The task: Every line from the one containing "exact: exchange_big." to the one containing "(L <= (\sum_(i" in the records below, both included, must be set down exactly, and no other line.

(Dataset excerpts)
>>>>

(* Let $\mathbf{c}\in\mathbb{R}^n$, $\mathcal{K}=\{1,\dots,K\}$, and for each $k\in\mathcal{K}$ let $\mathcal{F}_k=\bigcup_{i\in\mathcal{D}_k}\mathcal{C}_{ki}$ with $\mathcal{D}_k$ finite and each $\mathcal{C}_{ki}\subset\mathbb{R}^n$ compact and convex. Define $$LR_{\mathcal{K}}(\boldsymbol{\lambda}_1,\dots,\boldsymbol{\lambda}_K)=\inf\Big\{\big(\mathbf{c}-\textstyle\sum_{k}\boldsymbol{\lambda}_k\big)^\top\mathbf{x}+\sum_{k}\boldsymbol{\lambda}_k^\top\mathbf{v}_k:\ \mathbf{x}\in\mathbb{R}^n,\ \mathbf{v}_k\in\mathcal{F}_k\ \forall k\Big\}.$$ For a partition $\mathcal{P}=\{\mathcal{J}_1,\dots,\mathcal{J}_P\}$ of $\mathcal{K}$ (nonempty, pairwise disjoint sets with union $\mathcal{K}$) and vectors $\boldsymbol{\mu}_1,\dots,\boldsymbol{\mu}_P\in\mathbb{R}^n$, define the partition relaxation $$L_{\mathcal{P}}(\boldsymbol{\mu}_1,\dots,\boldsymbol{\mu}_P)=\sum_{p=1}^P\min\Big\{\boldsymbol{\mu}_p^\top\mathbf{v}:\ \mathbf{v}\in\textstyle\bigcap_{k\in\mathcal{J}_p}\mathcal{F}_k\Big\}.$$ Then for any vectors $\boldsymbol{\lambda}_1,\dots,\boldsymbol{\lambda}_K\in\mathbb{R}^n$ and any partition $\mathcal{P}$ of $\mathcal{K}$, $$L_{\mathcal{P}}\Big(\sum_{j\in\mathcal{J}_1}\boldsymbol{\lambda}_j,\dots,\sum_{j\in\mathcal{J}_P}\boldsymbol{\lambda}_j\Big)\ \ge\ LR_{\mathcal{K}}(\boldsymbol{\lambda}_1,\dots,\boldsymbol{\lambda}_K).$$
   Context: Convention: the minimum (infimum) over an empty set is $+\infty$. *)

From HB Require Import structures.
From mathcomp Require Import all_boot all_order all_algebra.
From mathcomp Require Import all_classical all_reals all_analysis.
Set Implicit Arguments. Unset Strict Implicit. Unset Printing Implicit Defensive.
Import Order.TTheory GRing.Theory Num.Theory.
Import numFieldNormedType.Exports.
Local Open Scope classical_set_scope.
Local Open Scope ring_scope.

Definition dotv (R : realType) (n : nat) (a b : 'rV[R]_n) : R :=
  \sum_(i < n) a ord0 i * b ord0 i.

(* F_k = union over i in D_k = {0,..,D k - 1} of C k i *)
Definition Fset (R : realType) (n K : nat) (D : 'I_K -> nat)
  (C : 'I_K -> nat -> set 'rV[R]_n) (k : 'I_K) : set 'rV[R]_n :=
  [set v | exists2 i, (i < D k)%N & C k i v].

Definition LR (R : realType) (n K : nat) (c : 'rV[R]_n) (D : 'I_K -> nat)
  (C : 'I_K -> nat -> set 'rV[R]_n) (lam : 'I_K -> 'rV[R]_n) : \bar R :=
  ereal_inf [set e | exists x : 'rV[R]_n, exists v : 'I_K -> 'rV[R]_n,
     (forall k, Fset D C k (v k)) /\
     e = ((dotv (c - \sum_(k < K) lam k) x
           + \sum_(k < K) dotv (lam k) (v k))%R)%:E].

(* min { mu^T v : v in S } in the extended reals; min over empty set = +oo.
   (For compact nonempty S the infimum is attained, so this is the min.) *)
Definition emin_lin (R : realType) (n : nat) (mu : 'rV[R]_n)
  (S : set 'rV[R]_n) : \bar R :=
  ereal_inf [set (dotv mu v)%:E | v in S].

(* L_P(mu_1,...,mu_P) where blocks of the partition are indexed by PP and
   mu J is the vector attached to block J *)
Definition LP (R : realType) (n K : nat) (D : 'I_K -> nat)
  (C : 'I_K -> nat -> set 'rV[R]_n) (PP : {set {set 'I_K}})
  (mu : {set 'I_K} -> 'rV[R]_n) : \bar R :=
  (\sum_(J in PP) emin_lin (mu J) [set v | forall k, k \in J -> Fset D C k v])%E.

From HB Require Import structures.
From mathcomp Require Import all_boot all_order all_algebra.
From mathcomp Require Import all_classical all_reals all_analysis.
Set Implicit Arguments. Unset Strict Implicit. Unset Printing Implicit Defensive.
Import Order.TTheory GRing.Theory Num.Theory.
Import numFieldNormedType.Exports.
Local Open Scope classical_set_scope.
Local Open Scope ring_scope.

(* Choosing one point w_J in the intersection of the F_k, k in J, for every
   block J gives a feasible point of the Lagrangian problem (x = 0 and
   v_k = w_J for k in J) whose value regroups blockwise to
   sum_J (sum_(j in J) lambda_j)^T w_J.  So LR_K lies below every such sum,
   and taking the infimum separately in each block yields L_P.  Compactness
   keeps each blockwise minimum above -oo; this matters because in the
   extended reals -oo + +oo = -oo. *)

Lemma dotv0 (R : realType) n (a : 'rV[R]_n) : dotv a 0 = 0.
Proof. by rewrite /dotv big1 // => i _; rewrite mxE mulr0. Qed.

Lemma dotv_suml (R : realType) n (I : finType) (P : pred I)
    (a : I -> 'rV[R]_n) b :
  dotv (\sum_(j | P j) a j) b = \sum_(j | P j) dotv (a j) b.
Proof.
rewrite /dotv; under eq_bigr do rewrite summxE mulr_suml.
exact: exchange_big.
Qed.

Lemma normr_dotv_le (R : realType) n (a b : 'rV[R]_n) :
  `|dotv a b| <= (\sum_(i < n) `|a ord0 i|) * `|b|.
Proof.
rewrite /dotv mulr_suml; apply: le_trans (ler_norm_sum _ _ _) _.
apply: ler_sum => i _; rewrite normrM ler_wpM2l //.
rewrite [`|b|]mx_normrE.
exact: (le_bigmax 0 (fun ij : 'I_1 * 'I_n => `|b ij.1 ij.2|) (ord0, i)).
Qed.

Lemma dotv_bounded_below (R : realType) n (a : 'rV[R]_n) (A : set 'rV[R]_n)
    (M : R) :
  (forall v, A v -> `|v| <= M) -> exists B, forall v, A v -> B <= dotv a v.
Proof.
move=> A_le; exists (- ((\sum_(i < n) `|a ord0 i|) * M)) => v Av.
apply: lerNnormlW; rewrite (le_trans (normr_dotv_le a v)) //.
by rewrite ler_wpM2l ?A_le ?sumr_ge0.
Qed.

Lemma Fset_bounded (R : realType) (n K : nat) (D : 'I_K -> nat)
    (C : 'I_K -> nat -> set 'rV[R]_n) k :
  (forall i, (i < D k)%N -> compact (C k i)) ->
  exists M, forall v, Fset D C k v -> `|v| <= M.
Proof.
move=> C_compact; have : compact (\big[setU/set0]_(i < D k) C k i).
  by apply: bigsetU_compact => i _; apply: C_compact.
move=> /compact_bounded[M [_ M_bound]]; exists (M + 1) => v [i iD Cv].
by apply: M_bound; [rewrite ltrDl | rewrite -bigcup_mkord; exists i].
Qed.

Lemma le_sum_ereal_inf (R : realType) (I : finType) (A : {set I})
    (T : pointedType) (S : I -> set T) (f : I -> T -> R) (L : \bar R) :
  (forall i, i \in A -> exists B : R, forall t, S i t -> B <= f i t) ->
  (forall w : I -> T, (forall i, i \in A -> S i (w i)) ->
     (L <= (\sum_(i in A) f i (w i))%:E)%E) ->
  (L <= \sum_(i in A) ereal_inf [set (f i t)%:E | t in S i])%E.
Proof.
move=> fS_lb L_le.
set m := fun i => ereal_inf [set (f i t)%:E | t in S i].
have m_ge i : i \in A -> exists B : R, (B%:E <= m i)%E.
  move=> iA; have [B fB] := fS_lb i iA; exists B.
  by apply/ereal_infP => _ [t St <-]; rewrite lee_fin fB.
have m_neqNy i : i \in A -> m i != -oo%E.
  by move=> /m_ge[B]; apply: contraTneq => ->; rewrite leeNy_eq.
have [S_nonempty|] := pselect (forall i, i \in A -> S i !=set0); last first.
  move=> /existsNP[i /not_implyP[iA /set0P/negP/negbNE/eqP Si0]].
  suff -> : (\sum_(i in A) m i = +oo)%E by rewrite leey.
  apply/eqP; rewrite esum_eqy //; apply/existsP; exists i.
  by rewrite iA /m Si0 image_set0 ereal_inf0.
have m_fin i : i \in A -> m i = (fine (m i))%:E.
  move=> iA; have [t St] := S_nonempty i iA; apply/esym/fineK.
  rewrite fin_numE m_neqNy //= -ltey.
  by apply: le_lt_trans (ltry (f i t)); apply: ereal_inf_lbound; exists t.
rewrite (eq_bigr _ m_fin) sumEFin; apply/lee_addgt0Pr => e e_gt0.
pose d := e / #|A|.+1%:R. (* the [.+1] keeps [d > 0] when [A] is empty *)
have d_gt0 : 0 < d by rewrite divr_gt0.
have near_inf i : exists t, i \in A -> S i t /\ f i t < fine (m i) + d.
  have [iA|] := boolP (i \in A); last by exists point.
  have : (m i < (fine (m i) + d)%:E)%E by rewrite {1}m_fin // lte_fin ltrDl.
  by case/ereal_inf_lt => _ [t St <-]; rewrite lte_fin => lt_t; exists t.
have [w hw] := choice near_inf.
apply: le_trans (L_le w (fun i iA => (hw i iA).1)) _.
rewrite -EFinD lee_fin (le_trans (ler_sum _ (fun i iA => ltW (hw i iA).2))) //.
rewrite big_split /= lerD2l sumr_const -mulr_natr /d mulrAC.
by rewrite ler_pdivrMr // ler_pM2l // ler_nat.
Qed.

Lemma LR_le_blockwise (R : realType) (n K : nat) (c : 'rV[R]_n)
    (D : 'I_K -> nat) (C : 'I_K -> nat -> set 'rV[R]_n)
    (lam : 'I_K -> 'rV[R]_n) (PP : {set {set 'I_K}})
    (w : {set 'I_K} -> 'rV[R]_n) :
  finset.partition PP [set: 'I_K] ->
  (forall J, J \in PP -> forall k, k \in J -> Fset D C k (w J)) ->
  (LR c D C lam <= (\sum_(J in PP) dotv (\sum_(j in J) lam j) (w J))%:E)%E.
Proof.
case/and3P=> /eqP PP_cover PP_triv _ w_in.
have pblock_PP k : finset.pblock PP k \in PP.
  by rewrite finset.pblock_mem // PP_cover inE.
have in_pblock k : k \in finset.pblock PP k.
  by rewrite finset.mem_pblock PP_cover inE.
apply: ereal_inf_lbound; exists 0, (fun k => w (finset.pblock PP k)).
split=> [k|]; first exact: w_in (pblock_PP k) _ (in_pblock k).
rewrite dotv0 add0r (partition_big _ (mem PP) (fun k _ => pblock_PP k)) /=.
congr EFin; apply: eq_bigr => J J_PP; rewrite dotv_suml.
have pblockE k : k \in J -> finset.pblock PP k = J by exact: finset.def_pblock.
apply: eq_big => [k|k /pblockE -> //].
by apply/idP/eqP => [/pblockE|<-].
Qed.

Theorem proposition4 (R : realType) (n K : nat) (c : 'rV[R]_n)
  (D : 'I_K -> nat) (C : 'I_K -> nat -> set 'rV[R]_n)
  (hcomp : forall k i, (i < D k)%N -> compact (C k i))
  (hconv : forall k i, (i < D k)%N ->
     convex_set (C k i : set (convex_lmodType 'rV[R]_n)))
  (lam : 'I_K -> 'rV[R]_n) (PP : {set {set 'I_K}})
  (hPP : finset.partition PP [set: 'I_K]) :
  (LR c D C lam <= LP D C PP (fun J => (\sum_(j in J) lam j)%R))%E.
Proof.
apply: le_sum_ereal_inf => [J J_PP|w w_in]; last exact: LR_le_blockwise.
have /finset.set0Pn[k kJ] : J != finset.set0.
  by case/and3P: hPP => _ _; apply: contraNneq => <-.
have [M M_bound] := Fset_bounded (hcomp k).
by apply: dotv_bounded_below => v v_in; apply/M_bound/v_in.
Qed.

<<<<

Solution to this problem:
exact: exchange_big.
Qed.

Lemma normr_dotv_le (R : realType) n (a b : 'rV[R]_n) :
  `|dotv a b| <= (\sum_(i < n) `|a ord0 i|) * `|b|.
Proof.
rewrite /dotv mulr_suml; apply: le_trans (ler_norm_sum _ _ _) _.
apply: ler_sum => i _; rewrite normrM ler_wpM2l //.
rewrite [`|b|]mx_normrE.
exact: (le_bigmax 0 (fun ij : 'I_1 * 'I_n => `|b ij.1 ij.2|) (ord0, i)).
Qed.

Lemma dotv_bounded_below (R : realType) n (a : 'rV[R]_n) (A : set 'rV[R]_n)
    (M : R) :
  (forall v, A v -> `|v| <= M) -> exists B, forall v, A v -> B <= dotv a v.
Proof.
move=> A_le; exists (- ((\sum_(i < n) `|a ord0 i|) * M)) => v Av.
apply: lerNnormlW; rewrite (le_trans (normr_dotv_le a v)) //.
by rewrite ler_wpM2l ?A_le ?sumr_ge0.
Qed.

Lemma Fset_bounded (R : realType) (n K : nat) (D : 'I_K -> nat)
    (C : 'I_K -> nat -> set 'rV[R]_n) k :
  (forall i, (i < D k)%N -> compact (C k i)) ->
  exists M, forall v, Fset D C k v -> `|v| <= M.
Proof.
move=> C_compact; have : compact (\big[setU/set0]_(i < D k) C k i).
  by apply: bigsetU_compact => i _; apply: C_compact.
move=> /compact_bounded[M [_ M_bound]]; exists (M + 1) => v [i iD Cv].
by apply: M_bound; [rewrite ltrDl | rewrite -bigcup_mkord; exists i].
Qed.

Lemma le_sum_ereal_inf (R : realType) (I : finType) (A : {set I})
    (T : pointedType) (S : I -> set T) (f : I -> T -> R) (L : \bar R) :
  (forall i, i \in A -> exists B : R, forall t, S i t -> B <= f i t) ->
  (forall w : I -> T, (forall i, i \in A -> S i (w i)) ->
     (L <= (\sum_(i in A) f i (w i))%:E)%E) ->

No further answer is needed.